Re: --override option for bin/connect-distributed.sh

2020-12-22 Thread Aki Yoshida
Hi Tom,
thank for your suggestion. I'll follow the KIP process.
regards, aki

El mar, 22 dic 2020 a las 10:18, Tom Bentley () escribió:
>
> Hi Aki,
>
> Since this is a change to a public API of the project it would need to be
> done through the KIP process [1]. Since writing the KIP in this case isn't
> much work, I suggest you write it up as a proposal and start a KIP
> discussion thread on the dev@ mailing list, then interested people can
> comment there.
>
> Kind regards,
>
> Tom
>
> [1]:
> https://cwiki.apache.org/confluence/display/KAFKA/Kafka+Improvement+Proposals
>
> On Mon, Dec 21, 2020 at 8:57 PM Aki Yoshida  wrote:
>
> > Hi Kafka team,
> > I think the --override option of Kafka is very practical in starting
> > Kafka for various situations without changing the properties file.
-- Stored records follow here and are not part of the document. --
Lemma sqdistE x y : sqdist x y = dot (x - y) (x - y).
Proof. by apply: eq_bigr => i _; rewrite !mxE expr2. Qed.

Lemma sqdistC x y : sqdist x y = sqdist y x.
Proof. by rewrite !sqdistE -opprB dotNl dotNr opprK. Qed.

Lemma sqdist_ge0 x y : 0 <= sqdist x y.
Proof. by apply: sumr_ge0 => i _; apply: sqr_ge0. Qed.

Lemma sqdistxx x : sqdist x x = 0.
Proof. by rewrite sqdistE subrr; apply/eqP; rewrite dotxx_eq0. Qed.

Lemma sqdist_eq0 x y : (sqdist x y == 0) = (x == y).
Proof. by rewrite sqdistE dotxx_eq0 subr_eq0. Qed.

(* Reflection in the perpendicular bisector hyperplane of [a] and [b]. *)
Definition mirror a b x : V :=
  if a == b then x
  else x - (2 * dot (x - 2^-1 *: (a + b)) (a - b) / dot (a - b) (a - b)) *: (a - b).

Lemma sqdist_mirror a b x y : sqdist (mirror a b x) (mirror a b y) = sqdist x y.
Proof.
rewrite /mirror; case: eqP => // /eqP ab.
have nn0 : dot (a - b) (a - b) != 0 by rewrite dotxx_eq0 subr_eq0.
move: (a - b) (2^-1 *: (a + b)) nn0 => n c nn0; rewrite !sqdistE.
set sx := _ / _; set sy := _ / _.
have -> : x - sx *: n - (y - sy *: n) = (x - y) - (sx - sy) *: n.
  by apply/rowP => i; rewrite !mxE; ring.
have -> : sx - sy = 2 * dot (x - y) n / dot n n by rewrite /sx /sy !dotBl; field.
move: (x - y) => w; rewrite !(dotBl, dotBr, dotZl, dotZr) (dotC n w); field.
exact: nn0.
Qed.

Lemma mirror_l a b : mirror a b a = b.
Proof.
rewrite /mirror; case: eqP => // /eqP ab.
have nn0 : dot (a - b) (a - b) != 0 by rewrite dotxx_eq0 subr_eq0.
have -> : a - 2^-1 *: (a + b) = 2^-1 *: (a - b).
  by apply/rowP => i; rewrite !mxE; field.
have -> : 2 * dot (2^-1 *: (a - b)) (a - b) / dot (a - b) (a - b) = 1.
  by rewrite dotZl; field.
by rewrite scale1r opprB addrC subrK.
Qed.

Lemma mirror_id a b x : sqdist x a = sqdist x b -> mirror a b x = x.
Proof.
rewrite /mirror !sqdistE; case: eqP => // _ E.
suff -> : dot (x - 2^-1 *: (a + b)) (a - b) = 0 by rewrite mulr0 mul0r scale0r subr0.
move: E; rewrite !(dotBl, dotBr, dotDl, dotDr, dotNl, dotZl, dotZr) (dotC a x) (dotC b x).
rewrite (dotC b a); lra.
Qed.

Definition isometry (f : V -> V) := forall x y, sqdist (f x) (f y) = sqdist x y.

(* Composing with mirrors fixes the mismatched points one at a time. *)
Lemma congruent_isometry (T : finType) (K : {set T}) (p q : T -> V) :
  {in K &, forall a b : T, sqdist (p a) (p b) = sqdist (q a) (q b)} ->
  exists2 f, isometry f & {in K, forall a : T, f (p a) = q a}.
Proof.
move=> pq; pose bad f := [set a in K | f (p a) != q a].
suff: forall n f, isometry f -> (#|bad f| <= n)%N ->
    exists2 f, isometry f & {in K, forall a : T, f (p a) = q a}.
  by apply; [exact: (fun x y => erefl) | exact: max_card].
elim=> [|n IH] f If.
  rewrite leqn0 cards_eq0 => /eqP bad0; exists f => // a aK.
  by apply/eqP; apply: contraFT (in_set0 a) => ne; rewrite -bad0 inE aK ne.
case: (set_0Vmem (bad f)) => [bad0 _|[a]].
  by apply: IH; rewrite // bad0 cards0.
rewrite inE => /andP [aK ne] badn.
apply: (IH (mirror (f (p a)) (q a) \o f)).
  by move=> x y; rewrite /= sqdist_mirror If.
have bad_sub : bad (mirror (f (p a)) (q a) \o f) \subset bad f :\ a.
  apply/subsetP => b; rewrite !inE /= => /andP [bK nb]; rewrite bK /=.
  apply/andP; split; first by apply: contraNneq nb => ->; rewrite mirror_l.
  apply: contra nb => /eqP fb; apply/eqP; rewrite fb mirror_id //.
  by rewrite -{1}fb If pq // sqdistC [RHS]sqdistC.
by apply: leq_trans (subset_leq_card bad_sub) _; rewrite (cardsD1 a) inE aK ne in badn.
Qed.

Section Segment.
Hypothesis d_gt0 : (0 < d)%N.

Definition unit_vec : V := delta_mx 0 (Ordinal d_gt0).

Lemma dot_unit_vec : dot unit_vec unit_vec = 1.
Proof.
rewrite /dot (bigD1 (Ordinal d_gt0)) //= big1 => [|i ne]; rewrite !mxE ?eqxx.
  by rewrite mulr1 addr0.
by rewrite (negbTE ne) mulr0.
Qed.

Definition point_towards a b (r : R) : V :=
  let t := Num.sqrt (sqdist a b) in
  if t == 0 then a + r *: unit_vec else a + (r / t) *: (b - a).

Lemma sqdist_point_towards_l a b r : sqdist (point_towards a b r) a = r ^+ 2.
Proof.
rewrite /point_towards; case: eqP => [_|/eqP t0]; rewrite sqdistE addrC addKr dotZl dotZr.
  by rewrite dot_unit_vec mulr1 expr2.
rewrite -sqdistE (sqdistC b a); move: t0 (sqr_sqrtr (sqdist_ge0 a b)).
by set t := Num.sqrt _ => t0 <-; field.
Qed.

Lemma sqdist_point_towards_r a b r :
  sqdist (point_towards a b r) b = (r - Num.sqrt (sqdist a b)) ^+ 2.
Proof.
rewrite /point_towards; case: eqP => [t0|/eqP t0].
  move/eqP: (t0); rewrite sqrtr_eq0 le_eqVlt ltNge sqdist_ge0 orbF sqdist_eq0 => /eqP <-.
  by rewrite sqdistxx sqrtr0 subr0 sqdistE addrC addKr dotZl dotZr dot_unit_vec mulr1 expr2.
rewrite sqdistE; have -> : a + (r / Num.sqrt (sqdist a b)) *: (b - a) - b =
          (1 - r / Num.sqrt (sqdist a b)) *: (a - b).
  by apply/rowP => i; rewrite !mxE; ring.
rewrite dotZl dotZr -sqdistE; move: t0 (sqr_sqrtr (sqdist_ge0 a b)).
by set t := Num.sqrt _ => t0 <-; field.
Qed.

End Segment.
End Euclidean.

Section Components.
Variables (T : finType) (H : rel T).
Hypothesis Hsym : symmetric H.
Implicit Types (A S X B M Z : {set T}) (a b c w x y : T).

Lemma connect_restrC S : connect_sym (restr S H).
Proof. by apply: sym_connect_sym => a b; rewrite /restr Hsym andbCA. Qed.

Lemma connect_restr_subset S S' x y : S \subset S' ->
  connect (restr S H) x y -> connect (restr S' H) x y.
Proof.
move=> /subsetP SS'; apply: connect_sub => a b /and3P [aS bS hab].
by apply: connect1; rewrite /restr (SS' a) // (SS' b).
Qed.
I
> > missed this feature in Kafka-Connect and I wanted to have it, so I
> > created a patch in this commit in my forked repo.
> >
> > https://github.com/elakito/kafka/commit/1e54536598d1ce328d0aee10edb728270cc04af1
> >
> > Could someone tell me if this is a good idea or a bad idea? If bad, is
> > there some alternative way to customise the properties? If good, can I
> > create a PR?
> > I would appreciate for your suggestion.
> > Thanks.
> > regards, aki
> >
> >


Re: --override option for bin/connect-distributed.sh

2020-12-22 Thread Tom Bentley
Hi Aki,

Since this is a change to a public API of the project it would need to be
done through the KIP process [1]. Since writing the KIP in this case isn't
much work, I suggest you write it up as a proposal and start a KIP
discussion thread on the dev@ mailing list, then interested people can
comment there.

Kind regards,

Tom

[1]:
https://cwiki.apache.org/confluence/display/KAFKA/Kafka+Improvement+Proposals

On Mon, Dec 21, 2020 at 8:57 PM Aki Yoshida  wrote:

> Hi Kafka team,
> I think the --override option of Kafka is very practical in starting
> Kafka for various situations without changing the properties file. I
> missed this feature in Kafka-Connect and I wanted to have it, so I
> created a patch in this commit in my forked repo.
>
> https://github.com/elakito/kafka/commit/1e54536598d1ce328d0aee10edb728270cc04af1
>
> Could someone tell me if this is a good idea or a bad idea? If bad, is
> there some alternative way to customise the properties? If good, can I
> create a PR?
> I would appreciate for your suggestion.
> Thanks.
> regards, aki
>
>